But it didn't last. History rarely offers a precise road map, but it can sometimes point us in a useful direction. The decline of the Western - the causes of its near-demise, and its reemergence in other guises - are worth noting because I believe shooter games are on a similar trajectory. It will be 1959 at E3 next week, and we will find ourselves awash in barely distinguishable shooters. But it won't last. It can't last, and that's a good and necessary thing.

Westerns began to disappear in the late 1960s for reasons relevant to modern game developers: 1) Genre fatigue and homologous products; 2) High cost of production; 3) Public outcry over violence; 4) Narrow target audience.

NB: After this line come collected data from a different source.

(* Let $n\ge2$, $\boldsymbol\sigma\in\{+,-\}^n$, $0\le s<t<1$, and let $\mathcal A:\mathbb Z_L^n\to\mathbb C$. Then $$\|\mathcal U_{s,t,\boldsymbol\sigma}\circ\mathcal A\|_{\max}\prec\|\mathcal A\|_{\max}\cdot(\eta_s/\eta_t)^n.$$
   Context: Fix $|E|<2$; $m=\lim_{\varepsilon\downarrow0}m_{sc}(E+i\varepsilon)$ ($m_{sc}$ the semicircle Stieltjes transform), $m(+)=m$, $m(-)=\bar m$, $\eta_t=(1-t)\operatorname{Im}m$. $S^{(B)}$ is the $L\times L$ matrix $S^{(B)}_{ab}=\frac13\mathbf 1(a-b\in\{-1,0,1\}\bmod L)$. For $m_i=m(\sigma_i)$ with the convention $\sigma_{n+1}=\sigma_1$, $(\mathcal U_{s,t,\boldsymbol\sigma}\circ\mathcal A)_{\mathbf a}=\sum_{\mathbf b\in\mathbb Z_L^n}\prod_{i=1}^n\Big(\frac{1-s\,m_im_{i+1}S^{(B)}}{1-t\,m_im_{i+1}S^{(B)}}\Big)_{a_ib_i}\mathcal A_{\mathbf b}$. $\|\mathcal A\|_{\max}=\max_{\mathbf a}|\mathcal A_{\mathbf a}|$. For deterministic quantities, $\xi\prec\zeta$ means $\xi\le N^\epsilon\zeta$ for all $\epsilon>0$ and large $N$, where $L$, $W$ depend on $N$. *)

From HB Require Import structures.
From mathcomp Require Import all_boot all_order all_algebra.
From mathcomp Require Import all_classical all_reals all_analysis.
From mathcomp Require Import complex.
Set Implicit Arguments. Unset Strict Implicit. Unset Printing Implicit Defensive.
Import Order.TTheory GRing.Theory Num.Theory.
Local Open Scope ring_scope.
Local Open Scope complex_scope.

Section Defs.
Variable R : realType.
Local Notation C := R[i].

Definition cabs (z : C) : R :=
  let: a +i* b := z in Num.sqrt (a ^+ 2 + b ^+ 2).

Definition cim (z : C) : R := let: _ +i* b := z in b.

(* Boundary value m = lim_{eps -> 0+} m_sc(E + i eps) of the Stieltjes
   transform of the semicircle law, for |E| < 2:
   m_sc(z) = (-z + sqrt(z^2 - 4))/2, branch with Im m_sc > 0, giving
   m = (-E + i sqrt(4 - E^2)) / 2. *)
Definition msc_bd (E : R) : C :=
  (- E / 2) +i* (Num.sqrt (4 - E ^+ 2) / 2).

(* m(+) = m, m(-) = conj m ; sign encoded as bool (true = +) *)
Definition msig (E : R) (sg : bool) : C :=
  if sg then msc_bd E else let: a +i* b := msc_bd E in a +i* (- b).

Definition eta_t (E t : R) : R := (1 - t) * cim (msc_bd E).

Definition SB (L : nat) : 'M[C]_L :=
  \matrix_(a < L, b < L)
    (if [|| ((a + 1) %% L == b)%N, (a == b :> nat) | ((b + 1) %% L == a)%N]
     then 3%:R^-1 else 0).

Definition Ufactor (L : nat) (s t : R) (x : C) : 'M[C]_L :=
  (1%:M - (s%:C * x) *: SB L) *m invmx (1%:M - (t%:C * x) *: SB L).

(* (U_{s,t,sigma} o A)_a, indices a in Z_L^n encoded as {ffun 'I_n -> 'I_L},
   sigma_{n+1} = sigma_1 via the cyclic successor ordS *)
Definition Uop (E : R) (L n : nat) (s t : R) (sigma : 'I_n -> bool)
    (A : {ffun 'I_n -> 'I_L} -> C) (a : {ffun 'I_n -> 'I_L}) : C :=
  \sum_(b : {ffun 'I_n -> 'I_L})
     (\prod_(i < n)
        Ufactor L s t (msig E (sigma i) * msig E (sigma (ordS i))) (a i) (b i))
     * A b.

Definition maxnorm (L n : nat) (A : {ffun 'I_n -> 'I_L} -> C) : R :=
  \big[Num.max/0]_(a : {ffun 'I_n -> 'I_L}) cabs (A a).

End Defs.

From HB Require Import structures.
From mathcomp Require Import all_boot all_order all_algebra.
From mathcomp Require Import all_classical all_reals all_analysis.
From mathcomp Require Import complex.
From mathcomp Require Import ring lra.
Set Implicit Arguments. Unset Strict Implicit. Unset Printing Implicit Defensive.
Import Order.TTheory GRing.Theory Num.Theory.
Local Open Scope ring_scope.

(* The max-row-sum norm |M| = max_a sum_b |M_ab| is the operator norm on
   l^oo, and a tensor product of operators M_1, ..., M_n acting on
   functions on Z_L^n has l^oo operator norm at most prod_i |M_i|.  Since
   |S^(B)| <= 1 and |m_i m_(i+1)| = 1, the matrix 1 - t x S is invertible
   (a kernel vector v satisfies |v| <= t |v|), and
     (1 - t x S)^-1 = 1 + t x S (1 - t x S)^-1
   gives |(1 - t x S)^-1| <= 1/(1 - t).  Hence
     (1 - s x S)(1 - t x S)^-1 = 1 + (t - s) x S (1 - t x S)^-1
   has norm at most 1 + (t - s)/(1 - t) = (1 - s)/(1 - t) = eta_s/eta_t.
   The estimate thus holds with constant 1 and for every n. *)

Section ComplexModulus.
Variable R : realType.
Local Notation C := R[i].
Implicit Types (x y z : C) (r : R).

Lemma cabsE z : `|z| = (cabs z)%:C%C.
Proof. by case: z. Qed.

Lemma cabsR r : cabs r%:C%C = `|r|.
Proof. by rewrite /cabs /= expr0n /= addr0 sqrtr_sqr. Qed.

Lemma cabs0 : cabs (0 : C) = 0.
Proof. by rewrite -(rmorph0 (real_complex R)) cabsR normr0. Qed.

Lemma cabs_ge0 z : 0 <= cabs z.
Proof. by rewrite -(@lecR R) rmorph0 -cabsE. Qed.

Lemma cabs0_eq0 z : cabs z = 0 -> z = 0.
Proof. by move=> z0; apply/normr0_eq0; rewrite cabsE z0. Qed.

Lemma ler_cabsD x y : cabs (x + y) <= cabs x + cabs y.
Proof. by rewrite -(@lecR R) rmorphD -!cabsE ler_normD. Qed.

Lemma cabsM x y : cabs (x * y) = cabs x * cabs y.
Proof. by apply: (@complexI R); rewrite rmorphM -!cabsE normrM. Qed.

Lemma ler_cabs_sum (I : finType) (F : I -> C) :
  cabs (\sum_i F i) <= \sum_i cabs (F i).
Proof.
rewrite -(@lecR R) rmorph_sum -cabsE.
apply: le_trans (ler_norm_sum _ _ _) _.
by under eq_bigr do rewrite cabsE.
Qed.

Lemma cabs_prod (I : finType) (F : I -> C) :
  cabs (\prod_i F i) = \prod_i cabs (F i).
Proof.
apply: (@complexI R); rewrite rmorph_prod -cabsE normr_prod.
by apply: eq_bigr => i _; rewrite cabsE.
Qed.

End ComplexModulus.

Section MaxRowSumNorm.
Variable R : realType.
Local Notation C := R[i].

Definition mxnorm_inf m n (M : 'M[C]_(m, n)) : R :=
  \big[Num.max/0]_i \sum_j cabs (M i j).

Lemma mxnorm_inf_ge0 m n (M : 'M[C]_(m, n)) : 0 <= mxnorm_inf M.
Proof. exact: bigmax_ge_id. Qed.

Lemma rowsum_le_mxnorm_inf m n (M : 'M[C]_(m, n)) i :
  \sum_j cabs (M i j) <= mxnorm_inf M.
Proof. exact: le_bigmax. Qed.

Lemma mxnorm_inf_le m n (M : 'M[C]_(m, n)) c :
  0 <= c -> (forall i, \sum_j cabs (M i j) <= c) -> mxnorm_inf M <= c.
Proof. by move=> c_ge0 rows_le; apply: bigmax_le. Qed.

Lemma mxnorm_inf0_eq0 m n (M : 'M[C]_(m, n)) : mxnorm_inf M = 0 -> M = 0.
Proof.
move=> M0; apply/matrixP => i j; rewrite mxE; apply: cabs0_eq0.
apply/eqP; rewrite eq_le cabs_ge0 andbT -M0.
apply: le_trans (rowsum_le_mxnorm_inf M i).
by rewrite (bigD1 j) //= lerDl sumr_ge0 // => k _; apply: cabs_ge0.
Qed.

Lemma mxnorm_inf1 n : mxnorm_inf (1%:M : 'M[C]_n) <= 1.
Proof.
apply: mxnorm_inf_le => // i; rewrite (bigD1 i) //= big1 => [|j ji].
  by rewrite addr0 mxE eqxx -(rmorph1 (real_complex R)) cabsR normr1.
by rewrite mxE eq_sym (negbTE ji) cabs0.
Qed.

Lemma ler_mxnorm_infD m n (M N : 'M[C]_(m, n)) :
  mxnorm_inf (M + N) <= mxnorm_inf M + mxnorm_inf N.
Proof.
apply: mxnorm_inf_le => [|i]; first by rewrite addr_ge0 ?mxnorm_inf_ge0.
apply: le_trans (lerD (rowsum_le_mxnorm_inf M i) (rowsum_le_mxnorm_inf N i)).
by rewrite -big_split ler_sum // => j _; rewrite mxE ler_cabsD.
Qed.

Lemma ler_mxnorm_infZ m n a (M : 'M[C]_(m, n)) :
  mxnorm_inf (a *: M) <= cabs a * mxnorm_inf M.
Proof.
apply: mxnorm_inf_le => [|i]; first by rewrite mulr_ge0 ?cabs_ge0 ?mxnorm_inf_ge0.
under eq_bigr do rewrite mxE cabsM.
by rewrite -mulr_sumr ler_wpM2l ?cabs_ge0 ?rowsum_le_mxnorm_inf.
Qed.

Lemma ler_mxnorm_infM m n p (M : 'M[C]_(m, n)) (N : 'M[C]_(n, p)) :
  mxnorm_inf (M *m N) <= mxnorm_inf M * mxnorm_inf N.
Proof.
apply: mxnorm_inf_le => [|i]; first by rewrite mulr_ge0 ?mxnorm_inf_ge0.
apply: (@le_trans _ _ (\sum_k cabs (M i k) * mxnorm_inf N)); last first.
  by rewrite -mulr_suml ler_wpM2r ?mxnorm_inf_ge0 ?rowsum_le_mxnorm_inf.
apply: (@le_trans _ _ (\sum_j \sum_k cabs (M i k * N k j))).
  by apply: ler_sum => j _; rewrite mxE ler_cabs_sum.
rewrite exchange_big /=; apply: ler_sum => k _.
under eq_bigr do rewrite cabsM.
by rewrite -mulr_sumr ler_wpM2l ?cabs_ge0 ?rowsum_le_mxnorm_inf.
Qed.

End MaxRowSumNorm.

Section Resolvent.
Variables (R : realType) (L : nat) (P : 'M[R[i]]_L) (c : R[i]).
Hypotheses (P_le1 : mxnorm_inf P <= 1) (c_lt1 : cabs c < 1).

Local Notation M := (1%:M - c *: P).

Lemma resolvent_inj (v : 'cV[R[i]]_L) : M *m v = 0 -> v = 0.
Proof.
rewrite mulmxBl mul1mx -scalemxAl => /eqP; rewrite subr_eq0 => /eqP v_fix.
have v_small : mxnorm_inf v <= cabs c * mxnorm_inf v.
  rewrite {1}v_fix; apply: le_trans (ler_mxnorm_infZ _ _) _.
  rewrite ler_wpM2l ?cabs_ge0 //; apply: le_trans (ler_mxnorm_infM _ _) _.
  by rewrite ler_piMl ?mxnorm_inf_ge0.
apply: mxnorm_inf0_eq0; apply/eqP; rewrite eq_le mxnorm_inf_ge0 andbT.
move: v_small (mxnorm_inf_ge0 v) c_lt1; set x := mxnorm_inf v; set k := cabs c.
nra.
Qed.

Lemma resolvent_unit : M \in unitmx.
Proof.
rewrite -unitmx_tr -row_free_unit; apply: inj_row_free => v vM0.
have /resolvent_inj : M *m v^T = 0 by rewrite -[LHS]trmxK trmx_mul trmxK vM0 trmx0.
by move/(congr1 trmx); rewrite trmxK trmx0.
Qed.

Lemma invmx_resolvent : invmx M = 1%:M + c *: (P *m invmx M).
Proof.
have := mulmxV resolvent_unit.
by rewrite mulmxBl mul1mx -scalemxAl => /eqP; rewrite subr_eq addrC => /eqP.
Qed.

Lemma mxnorm_inf_invmx_resolvent : mxnorm_inf (invmx M) <= (1 - cabs c)^-1.
Proof.
have r_le : mxnorm_inf (invmx M) <= 1 + cabs c * mxnorm_inf (invmx M).
  rewrite {1}invmx_resolvent; apply: le_trans (ler_mxnorm_infD _ _) _.
  apply: lerD; first exact: mxnorm_inf1.
  apply: le_trans (ler_mxnorm_infZ _ _) _; rewrite ler_wpM2l ?cabs_ge0 //.
  apply: le_trans (ler_mxnorm_infM _ _) _.
  by rewrite ler_piMl ?mxnorm_inf_ge0.
by rewrite -div1r ler_pdivlMr ?subr_gt0 //; nra.
Qed.

Lemma mxnorm_inf_mul_invmx_resolvent a :
  mxnorm_inf ((1%:M - a *: P) *m invmx M) <= 1 + cabs (c - a) / (1 - cabs c).
Proof.
have -> : (1%:M - a *: P) *m invmx M = 1%:M + (c - a) *: (P *m invmx M).
  rewrite mulmxBl mul1mx -scalemxAl {1}invmx_resolvent scalerBl.
  by rewrite addrA -[1%:M + _ - _]addrA.
apply: le_trans (ler_mxnorm_infD _ _) _; apply: lerD; first exact: mxnorm_inf1.
apply: le_trans (ler_mxnorm_infZ _ _) _; rewrite ler_wpM2l ?cabs_ge0 //.
apply: le_trans (ler_mxnorm_infM _ _) _.
apply: le_trans (ler_wpM2r (mxnorm_inf_ge0 _) P_le1) _.
by rewrite mul1r mxnorm_inf_invmx_resolvent.
Qed.

End Resolvent.

Section Factors.
Variable R : realType.
Local Notation C := R[i].

Lemma cabs_inv3 : cabs (3%:R^-1 : C) = 3^-1.
Proof.
have -> : (3%:R : C) = (3%:R : R)%:C%C by rewrite rmorphMn.
by rewrite -fmorphV cabsR ger0_norm // invr_ge0.
Qed.

Lemma SB_neighbours L (a b : 'I_L) :
  [|| ((a + 1) %% L == b)%N, (a == b :> nat) | ((b + 1) %% L == a)%N] ->
  b \in [:: ordS a; a; ord_pred a].
Proof.
rewrite !inE => /or3P[] /eqP ab; apply/or3P.
- by apply: Or31; apply/eqP/val_inj; rewrite /= -ab addn1.
- by apply: Or32; apply/eqP/val_inj.
- apply: Or33; rewrite -(ordSK b); apply/eqP; congr ord_pred.
  by apply/val_inj; rewrite /= -ab addn1.
Qed.

Lemma mxnorm_inf_SB L : mxnorm_inf (SB R L) <= 1.
Proof.
apply: mxnorm_inf_le => // a.
under eq_bigr do rewrite mxE (fun_if (@cabs R)) cabs0 cabs_inv3.
rewrite -big_mkcond /= sumr_const.
set k := #|_|; have k_le3 : (k <= 3)%N.
  apply: leq_trans (card_size [:: ordS a; a; ord_pred a]).
  apply: subset_leq_card; apply/fintype.subsetP => b.
  by rewrite inE; apply: SB_neighbours.
by rewrite -[_ *+ k]mulr_natr mulrC ler_pdivrMr // mul1r ler_nat.
Qed.

Lemma mxnorm_inf_Ufactor L (s t : R) (x : C) :
  cabs x = 1 -> 0 <= t -> s <= t -> t < 1 ->
  mxnorm_inf (Ufactor L s t x) <= (1 - s) / (1 - t).
Proof.
move=> x1 t_ge0 st t_lt1.
have tx : cabs (t%:C%C * x) = t by rewrite cabsM x1 mulr1 cabsR ger0_norm.
have txsx : cabs (t%:C%C * x - s%:C%C * x) = t - s.
  by rewrite -mulrBl -rmorphB cabsM x1 mulr1 cabsR ger0_norm // subr_ge0.
apply: le_trans (mxnorm_inf_mul_invmx_resolvent (mxnorm_inf_SB L) _ _) _.
  by rewrite tx.
rewrite txsx tx (_ : 1 + (t - s) / (1 - t) = (1 - s) / (1 - t)) //.
by field; rewrite subr_eq0 gt_eqF.
Qed.

End Factors.

Section Tensor.
Variables (R : realType) (n L : nat).
Local Notation C := R[i].
Local Notation ZLn := {ffun 'I_n -> 'I_L}.
Implicit Types (A : ZLn -> C) (a : ZLn).

Lemma maxnorm_ge0 A : 0 <= maxnorm A.
Proof. exact: bigmax_ge_id. Qed.

Lemma cabs_le_maxnorm A a : cabs (A a) <= maxnorm A.
Proof. exact: (le_bigmax _ (fun b => cabs (A b))). Qed.

Lemma cabs_tensor_apply (M : 'I_n -> 'M[C]_L) A a :
  cabs (\sum_(b : ZLn) (\prod_i M i (a i) (b i)) * A b)
    <= (\prod_i mxnorm_inf (M i)) * maxnorm A.
Proof.
apply: le_trans (ler_cabs_sum _) _.
apply: (@le_trans _ _ (\sum_(b : ZLn) (\prod_i cabs (M i (a i) (b i))) * maxnorm A)).
  apply: ler_sum => b _; rewrite cabsM cabs_prod ler_wpM2l ?cabs_le_maxnorm //.
  by apply: prodr_ge0 => i _; apply: cabs_ge0.
rewrite -mulr_suml ler_wpM2r ?maxnorm_ge0 //.
rewrite -(bigA_distr_bigA (fun i j => cabs (M i (a i) j))) /=.
apply: ler_prod => i _; rewrite sumr_ge0 => [|j _]; last exact: cabs_ge0.
exact: rowsum_le_mxnorm_inf.
Qed.

End Tensor.

Section Semicircle.
Variables (R : realType) (E : R).
Hypothesis E_lt2 : `|E| < 2.

Lemma semicircle_disc_gt0 : 0 < 4 - E ^+ 2.
Proof.
move: E_lt2 (normr_ge0 E); rewrite -real_normK ?num_real //; nra.
Qed.

Lemma cabs_msig sg : cabs (msig E sg) = 1.
Proof.
have msc_norm : (- E / 2) ^+ 2 + (Num.sqrt (4 - E ^+ 2) / 2) ^+ 2 = 1.
  rewrite !expr_div_n sqr_sqrtr ?ltW ?semicircle_disc_gt0 // sqrrN.
  by field.
by case: sg; rewrite /msig /msc_bd /cabs /= ?sqrrN msc_norm sqrtr1.
Qed.

Lemma cim_msc_bd_gt0 : 0 < cim (msc_bd E).
Proof. by rewrite /cim /msc_bd /= divr_gt0 // sqrtr_gt0 semicircle_disc_gt0. Qed.

Lemma eta_t_ratio s t : t != 1 -> eta_t E s / eta_t E t = (1 - s) / (1 - t).
Proof.
move=> t_neq1; rewrite /eta_t.
by field; rewrite subr_eq0 eq_sym t_neq1 gt_eqF ?cim_msc_bd_gt0.
Qed.

End Semicircle.

Theorem lemma7p1 (R : realType) (E : R) (n : nat) (L : nat -> nat) :
  `|E| < 2 -> (2 <= n)%N ->
  forall eps : R, 0 < eps ->
  exists N0 : nat, forall N : nat, (N0 <= N)%N ->
  forall (sigma : 'I_n -> bool) (s t : R), 0 <= s -> s < t -> t < 1 ->
  forall A : {ffun 'I_n -> 'I_(L N)} -> R[i],
    maxnorm (Uop E s t sigma A)
      <= (N%:R `^ eps) * maxnorm A * (eta_t E s / eta_t E t) ^+ n.
Proof.
move=> E_lt2 _ eps eps_gt0; exists 1%N => N N_ge1 sigma s t s_ge0 st t_lt1 A.
rewrite eta_t_ratio ?lt_eqF //; set K := (1 - s) / (1 - t).
have K_ge0 : 0 <= K by rewrite divr_ge0 // subr_ge0 ltW // (lt_trans st).
have Neps_ge1 : 1 <= N%:R `^ eps.
  by rewrite -{1}(powRr0 N%:R); apply: ler_powR; rewrite ?ler1n // ltW.
have U_le i : 0 <= mxnorm_inf (Ufactor (L N) s t
    (msig E (sigma i) * msig E (sigma (ordS i)))) <= K.
  rewrite mxnorm_inf_ge0 mxnorm_inf_Ufactor ?cabsM ?cabs_msig ?mulr1 //.
  + exact: le_trans s_ge0 (ltW st).
  + exact: ltW.
have prodU_le : \prod_i mxnorm_inf (Ufactor (L N) s t
    (msig E (sigma i) * msig E (sigma (ordS i)))) <= K ^+ n.
  by rewrite -[n in K ^+ n]card_ord -prodr_const ler_prod.
apply: bigmax_le => [|a _]; first by rewrite !mulr_ge0 ?powR_ge0 ?maxnorm_ge0 ?exprn_ge0.
apply: le_trans (cabs_tensor_apply _ _ a) _.
apply: le_trans (ler_wpM2r (maxnorm_ge0 A) prodU_le) _.
by rewrite mulrC -mulrA ler_peMl // mulr_ge0 ?maxnorm_ge0 ?exprn_ge0.
Qed.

Each of these factors apply to contemporary shooter games, but the most threatening is the mind-numbing sameness of these games.
We've reached a saturation point where the dismissive cliché has become a valid claim: they all look the same. When a genre sustains itself by promoting minor tweaks as revolutionary features - and its hardcore fans claim ownership that typically resists change - death looms.

It's worth noting, however, that death doesn't necessarily mean disappearance. Gunsmoke, TV's longest-running prime-time drama, died somewhere around 1965...and ran for another decade. It's also worth noting that CBS received many letters from fans who opposed the series' transition to color in 1966, claiming it would ruin the show's rustic nature. Fanboys defending the realm are nothing new.

   
Quote"We ask ourselves: if there wasn't anyone to shoot in the game, could it still be fun?" --Jason Vandenberghe, Narrative Director, Far Cry 3

Want more evidence shooter games are mired in similitude? Here are publisher-penned descriptions of key features contained in their games, all released or forthcoming this year. See if you can identify the games. (Names and titles are xx'd out)

   

  • "QUAD-WIELDING CHAOS - Slash, grab, and throw objects and enemies...while simultaneously firing two weapons, adding a new dimension to the FPS category."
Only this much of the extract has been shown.